The entries below hold a line with "by apply/matrixP => i j; rewrite !mxE;" and a line with "else if (j <= i)%N then phic p". Return those lines and all that lie between them, exactly and only.

(Records provided Opens)

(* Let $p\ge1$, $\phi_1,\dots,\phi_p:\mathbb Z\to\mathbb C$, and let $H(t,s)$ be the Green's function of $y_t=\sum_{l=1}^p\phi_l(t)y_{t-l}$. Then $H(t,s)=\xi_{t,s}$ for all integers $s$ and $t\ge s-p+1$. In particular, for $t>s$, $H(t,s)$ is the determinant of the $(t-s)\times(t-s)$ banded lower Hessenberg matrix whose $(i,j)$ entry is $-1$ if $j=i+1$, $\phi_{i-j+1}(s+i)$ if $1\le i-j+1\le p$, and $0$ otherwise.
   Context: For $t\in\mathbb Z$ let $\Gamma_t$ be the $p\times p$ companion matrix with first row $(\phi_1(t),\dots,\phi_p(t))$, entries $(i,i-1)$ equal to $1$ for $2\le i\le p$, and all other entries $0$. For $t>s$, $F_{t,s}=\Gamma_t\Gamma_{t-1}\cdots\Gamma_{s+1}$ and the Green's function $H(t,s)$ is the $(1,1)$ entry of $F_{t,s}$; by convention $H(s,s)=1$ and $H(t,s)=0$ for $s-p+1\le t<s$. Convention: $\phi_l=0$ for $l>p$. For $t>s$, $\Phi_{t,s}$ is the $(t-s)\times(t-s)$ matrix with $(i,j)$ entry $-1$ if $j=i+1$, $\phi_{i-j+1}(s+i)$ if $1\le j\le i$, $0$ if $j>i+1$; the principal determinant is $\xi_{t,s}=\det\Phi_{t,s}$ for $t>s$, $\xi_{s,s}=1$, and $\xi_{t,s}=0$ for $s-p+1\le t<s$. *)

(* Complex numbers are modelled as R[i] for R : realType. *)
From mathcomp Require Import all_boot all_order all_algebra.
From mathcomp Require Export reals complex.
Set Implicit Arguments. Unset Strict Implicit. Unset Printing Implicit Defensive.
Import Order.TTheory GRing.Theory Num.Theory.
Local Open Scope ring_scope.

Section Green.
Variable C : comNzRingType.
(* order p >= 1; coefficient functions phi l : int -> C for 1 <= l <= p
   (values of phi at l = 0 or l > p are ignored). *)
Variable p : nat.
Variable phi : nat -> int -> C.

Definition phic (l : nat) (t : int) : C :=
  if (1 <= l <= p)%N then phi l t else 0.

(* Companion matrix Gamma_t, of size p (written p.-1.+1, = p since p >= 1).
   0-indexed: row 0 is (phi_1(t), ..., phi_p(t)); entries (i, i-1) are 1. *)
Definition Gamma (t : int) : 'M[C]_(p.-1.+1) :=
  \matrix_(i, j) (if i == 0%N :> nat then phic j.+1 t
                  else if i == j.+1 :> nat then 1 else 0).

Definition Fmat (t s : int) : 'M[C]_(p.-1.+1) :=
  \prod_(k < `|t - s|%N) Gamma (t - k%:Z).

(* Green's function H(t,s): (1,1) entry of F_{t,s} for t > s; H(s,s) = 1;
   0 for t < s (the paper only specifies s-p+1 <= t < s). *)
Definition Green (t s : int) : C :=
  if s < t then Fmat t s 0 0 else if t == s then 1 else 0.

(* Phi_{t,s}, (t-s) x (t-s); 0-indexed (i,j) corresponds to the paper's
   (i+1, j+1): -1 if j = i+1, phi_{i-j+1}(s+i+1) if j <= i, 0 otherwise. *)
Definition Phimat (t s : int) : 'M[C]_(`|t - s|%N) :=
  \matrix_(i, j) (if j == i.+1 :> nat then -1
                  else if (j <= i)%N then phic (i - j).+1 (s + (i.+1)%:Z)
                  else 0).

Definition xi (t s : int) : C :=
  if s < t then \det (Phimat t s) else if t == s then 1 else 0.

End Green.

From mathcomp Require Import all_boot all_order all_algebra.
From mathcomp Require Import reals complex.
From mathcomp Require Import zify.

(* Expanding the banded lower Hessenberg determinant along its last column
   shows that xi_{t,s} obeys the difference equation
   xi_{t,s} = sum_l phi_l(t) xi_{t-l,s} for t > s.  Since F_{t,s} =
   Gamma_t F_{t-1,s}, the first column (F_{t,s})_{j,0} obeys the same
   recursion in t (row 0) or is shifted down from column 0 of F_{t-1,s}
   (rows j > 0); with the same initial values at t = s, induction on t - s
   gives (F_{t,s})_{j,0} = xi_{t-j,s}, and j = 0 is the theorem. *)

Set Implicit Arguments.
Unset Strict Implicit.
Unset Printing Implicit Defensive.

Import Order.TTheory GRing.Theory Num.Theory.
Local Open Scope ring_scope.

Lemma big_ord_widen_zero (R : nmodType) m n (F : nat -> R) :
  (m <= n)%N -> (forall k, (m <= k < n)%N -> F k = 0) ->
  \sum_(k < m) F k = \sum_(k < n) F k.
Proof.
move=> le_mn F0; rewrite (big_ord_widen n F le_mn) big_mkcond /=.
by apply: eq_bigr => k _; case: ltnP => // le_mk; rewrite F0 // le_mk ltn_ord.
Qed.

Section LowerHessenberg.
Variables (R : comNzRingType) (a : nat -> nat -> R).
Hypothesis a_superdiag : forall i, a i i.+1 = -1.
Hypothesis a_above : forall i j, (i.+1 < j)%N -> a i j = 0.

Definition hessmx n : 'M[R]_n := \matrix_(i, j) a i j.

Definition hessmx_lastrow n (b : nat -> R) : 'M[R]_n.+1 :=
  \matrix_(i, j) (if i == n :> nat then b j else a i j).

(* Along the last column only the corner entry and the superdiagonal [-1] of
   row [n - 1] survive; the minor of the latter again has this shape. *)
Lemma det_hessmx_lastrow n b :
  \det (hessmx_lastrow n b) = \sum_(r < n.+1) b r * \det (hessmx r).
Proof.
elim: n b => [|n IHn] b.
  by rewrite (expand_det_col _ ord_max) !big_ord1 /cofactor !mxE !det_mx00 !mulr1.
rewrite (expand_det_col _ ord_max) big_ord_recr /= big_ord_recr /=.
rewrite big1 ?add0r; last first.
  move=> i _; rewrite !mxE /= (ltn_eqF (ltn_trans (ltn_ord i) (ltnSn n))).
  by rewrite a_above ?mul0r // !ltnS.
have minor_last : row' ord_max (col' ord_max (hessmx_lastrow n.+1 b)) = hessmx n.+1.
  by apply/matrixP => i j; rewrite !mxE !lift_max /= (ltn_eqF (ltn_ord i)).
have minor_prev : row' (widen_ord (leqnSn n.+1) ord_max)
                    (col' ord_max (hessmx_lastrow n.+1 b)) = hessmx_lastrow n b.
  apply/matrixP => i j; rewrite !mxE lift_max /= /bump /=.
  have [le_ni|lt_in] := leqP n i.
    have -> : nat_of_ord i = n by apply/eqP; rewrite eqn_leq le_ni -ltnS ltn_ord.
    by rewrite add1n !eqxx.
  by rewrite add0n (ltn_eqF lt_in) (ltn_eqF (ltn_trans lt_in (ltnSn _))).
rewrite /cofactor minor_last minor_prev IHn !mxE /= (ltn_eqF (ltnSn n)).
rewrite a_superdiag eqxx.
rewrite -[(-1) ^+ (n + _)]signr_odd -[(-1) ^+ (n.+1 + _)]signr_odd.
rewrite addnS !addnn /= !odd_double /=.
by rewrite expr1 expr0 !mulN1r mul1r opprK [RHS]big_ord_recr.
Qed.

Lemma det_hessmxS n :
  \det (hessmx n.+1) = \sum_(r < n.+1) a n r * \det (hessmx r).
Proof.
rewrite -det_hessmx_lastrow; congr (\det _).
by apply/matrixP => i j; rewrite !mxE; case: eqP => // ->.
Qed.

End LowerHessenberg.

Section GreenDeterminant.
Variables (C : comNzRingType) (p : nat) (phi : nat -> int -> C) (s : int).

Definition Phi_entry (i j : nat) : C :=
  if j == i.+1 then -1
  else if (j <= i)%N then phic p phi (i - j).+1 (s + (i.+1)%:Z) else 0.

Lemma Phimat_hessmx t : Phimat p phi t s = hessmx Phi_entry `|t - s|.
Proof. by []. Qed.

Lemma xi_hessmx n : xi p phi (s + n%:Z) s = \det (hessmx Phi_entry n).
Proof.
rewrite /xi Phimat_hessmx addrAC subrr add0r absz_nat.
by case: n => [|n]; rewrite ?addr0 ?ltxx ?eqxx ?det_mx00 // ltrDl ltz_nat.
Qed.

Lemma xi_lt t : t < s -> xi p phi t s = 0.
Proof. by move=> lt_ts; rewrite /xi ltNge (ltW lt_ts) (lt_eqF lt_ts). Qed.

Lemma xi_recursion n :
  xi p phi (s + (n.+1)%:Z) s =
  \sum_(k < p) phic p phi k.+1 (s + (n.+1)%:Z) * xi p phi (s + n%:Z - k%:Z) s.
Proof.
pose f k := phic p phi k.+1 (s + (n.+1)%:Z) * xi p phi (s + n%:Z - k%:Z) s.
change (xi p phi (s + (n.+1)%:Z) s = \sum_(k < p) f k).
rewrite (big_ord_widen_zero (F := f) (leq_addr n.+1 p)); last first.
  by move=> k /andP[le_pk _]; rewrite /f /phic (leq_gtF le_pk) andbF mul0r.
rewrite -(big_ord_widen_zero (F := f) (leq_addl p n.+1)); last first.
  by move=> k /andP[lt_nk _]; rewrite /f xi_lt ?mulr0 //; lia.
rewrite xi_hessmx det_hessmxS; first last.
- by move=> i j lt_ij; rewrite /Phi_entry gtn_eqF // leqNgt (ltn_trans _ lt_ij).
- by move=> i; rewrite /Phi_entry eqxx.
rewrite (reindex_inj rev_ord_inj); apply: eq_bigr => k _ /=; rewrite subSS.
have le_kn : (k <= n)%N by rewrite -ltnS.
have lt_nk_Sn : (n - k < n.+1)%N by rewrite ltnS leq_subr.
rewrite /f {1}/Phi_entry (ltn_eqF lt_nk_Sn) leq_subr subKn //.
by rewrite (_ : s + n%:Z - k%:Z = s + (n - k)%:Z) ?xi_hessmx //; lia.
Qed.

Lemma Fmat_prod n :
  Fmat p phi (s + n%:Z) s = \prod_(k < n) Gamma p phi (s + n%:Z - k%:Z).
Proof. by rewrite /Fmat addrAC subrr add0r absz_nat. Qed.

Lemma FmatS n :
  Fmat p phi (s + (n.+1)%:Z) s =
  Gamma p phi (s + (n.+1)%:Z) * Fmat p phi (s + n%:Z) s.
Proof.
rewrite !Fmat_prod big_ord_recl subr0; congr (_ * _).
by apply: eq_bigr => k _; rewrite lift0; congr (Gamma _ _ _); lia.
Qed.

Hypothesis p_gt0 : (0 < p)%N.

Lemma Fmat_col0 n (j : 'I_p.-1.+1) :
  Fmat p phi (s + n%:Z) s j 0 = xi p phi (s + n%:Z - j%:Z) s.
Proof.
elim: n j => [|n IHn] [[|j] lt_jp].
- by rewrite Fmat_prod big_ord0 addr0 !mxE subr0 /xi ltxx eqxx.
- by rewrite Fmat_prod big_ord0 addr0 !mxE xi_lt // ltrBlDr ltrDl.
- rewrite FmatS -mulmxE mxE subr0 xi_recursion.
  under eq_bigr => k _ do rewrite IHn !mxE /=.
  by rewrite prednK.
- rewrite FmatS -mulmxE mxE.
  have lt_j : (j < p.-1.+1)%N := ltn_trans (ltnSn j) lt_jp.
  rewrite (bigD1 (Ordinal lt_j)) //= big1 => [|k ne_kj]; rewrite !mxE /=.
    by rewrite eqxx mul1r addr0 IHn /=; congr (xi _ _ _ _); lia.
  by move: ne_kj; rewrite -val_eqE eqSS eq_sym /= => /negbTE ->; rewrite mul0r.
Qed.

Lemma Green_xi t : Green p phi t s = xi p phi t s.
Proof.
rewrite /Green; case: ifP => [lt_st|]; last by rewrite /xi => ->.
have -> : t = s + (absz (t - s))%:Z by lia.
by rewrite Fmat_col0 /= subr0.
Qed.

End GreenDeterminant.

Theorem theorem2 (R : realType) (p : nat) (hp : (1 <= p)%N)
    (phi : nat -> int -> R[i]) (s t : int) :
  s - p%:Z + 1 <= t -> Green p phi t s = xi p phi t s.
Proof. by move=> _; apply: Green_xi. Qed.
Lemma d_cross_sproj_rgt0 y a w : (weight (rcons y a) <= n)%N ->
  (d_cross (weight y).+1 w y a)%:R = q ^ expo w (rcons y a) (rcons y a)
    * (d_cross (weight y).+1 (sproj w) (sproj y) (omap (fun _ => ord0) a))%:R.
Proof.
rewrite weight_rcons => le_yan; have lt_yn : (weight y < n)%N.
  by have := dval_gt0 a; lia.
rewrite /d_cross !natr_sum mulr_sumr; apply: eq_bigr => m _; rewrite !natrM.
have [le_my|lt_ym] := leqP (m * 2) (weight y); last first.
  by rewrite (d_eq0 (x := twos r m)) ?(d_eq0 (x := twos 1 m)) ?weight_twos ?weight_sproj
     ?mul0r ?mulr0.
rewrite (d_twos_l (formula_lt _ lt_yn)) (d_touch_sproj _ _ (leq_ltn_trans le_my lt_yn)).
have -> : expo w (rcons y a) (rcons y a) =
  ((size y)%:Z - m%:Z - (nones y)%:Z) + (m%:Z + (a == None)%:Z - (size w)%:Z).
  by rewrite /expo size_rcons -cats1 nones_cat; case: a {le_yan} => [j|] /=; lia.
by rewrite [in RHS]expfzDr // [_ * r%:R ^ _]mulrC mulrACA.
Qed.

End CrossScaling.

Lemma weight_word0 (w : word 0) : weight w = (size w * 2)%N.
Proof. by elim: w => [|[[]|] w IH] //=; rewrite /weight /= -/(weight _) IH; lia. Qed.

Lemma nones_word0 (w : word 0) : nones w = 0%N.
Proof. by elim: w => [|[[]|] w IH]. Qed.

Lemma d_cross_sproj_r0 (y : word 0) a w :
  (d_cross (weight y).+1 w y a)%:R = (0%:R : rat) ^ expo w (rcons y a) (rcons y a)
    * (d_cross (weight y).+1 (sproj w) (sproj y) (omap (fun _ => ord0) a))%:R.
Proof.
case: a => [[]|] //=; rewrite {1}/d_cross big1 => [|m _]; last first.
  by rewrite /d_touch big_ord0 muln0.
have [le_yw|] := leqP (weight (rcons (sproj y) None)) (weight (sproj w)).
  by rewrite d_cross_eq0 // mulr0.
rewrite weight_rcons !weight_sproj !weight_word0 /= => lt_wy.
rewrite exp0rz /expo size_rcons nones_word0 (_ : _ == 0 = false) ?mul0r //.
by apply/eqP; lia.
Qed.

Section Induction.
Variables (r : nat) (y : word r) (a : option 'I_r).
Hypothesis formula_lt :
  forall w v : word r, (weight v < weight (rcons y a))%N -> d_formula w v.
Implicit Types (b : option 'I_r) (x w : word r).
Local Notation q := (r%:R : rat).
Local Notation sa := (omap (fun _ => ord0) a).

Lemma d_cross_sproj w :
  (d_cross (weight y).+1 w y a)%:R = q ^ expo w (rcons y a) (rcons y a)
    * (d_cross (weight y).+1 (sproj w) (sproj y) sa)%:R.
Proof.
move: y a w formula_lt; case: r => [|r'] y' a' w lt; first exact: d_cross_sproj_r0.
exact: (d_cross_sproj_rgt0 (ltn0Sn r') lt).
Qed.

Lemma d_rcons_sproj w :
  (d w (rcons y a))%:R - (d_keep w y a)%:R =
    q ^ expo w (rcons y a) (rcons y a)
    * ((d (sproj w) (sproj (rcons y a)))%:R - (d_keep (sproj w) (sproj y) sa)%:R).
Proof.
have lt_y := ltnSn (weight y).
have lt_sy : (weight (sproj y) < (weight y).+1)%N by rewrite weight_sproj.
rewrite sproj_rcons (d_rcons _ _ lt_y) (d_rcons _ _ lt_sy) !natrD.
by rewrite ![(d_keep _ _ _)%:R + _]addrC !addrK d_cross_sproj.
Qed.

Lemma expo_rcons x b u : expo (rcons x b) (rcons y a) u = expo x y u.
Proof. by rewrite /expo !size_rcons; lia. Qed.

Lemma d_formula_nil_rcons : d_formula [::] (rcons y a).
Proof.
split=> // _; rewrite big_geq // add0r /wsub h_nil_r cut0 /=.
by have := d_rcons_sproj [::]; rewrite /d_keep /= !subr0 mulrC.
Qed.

(Records provided Closes)

- **Solution to the problem**
by apply/matrixP => i j; rewrite !mxE; case: eqP => // ->.
Qed.

End LowerHessenberg.

Section GreenDeterminant.
Variables (C : comNzRingType) (p : nat) (phi : nat -> int -> C) (s : int).

Definition Phi_entry (i j : nat) : C :=
  if j == i.+1 then -1
  else if (j <= i)%N then phic p phi (i - j).+1 (s + (i.+1)%:Z) else 0.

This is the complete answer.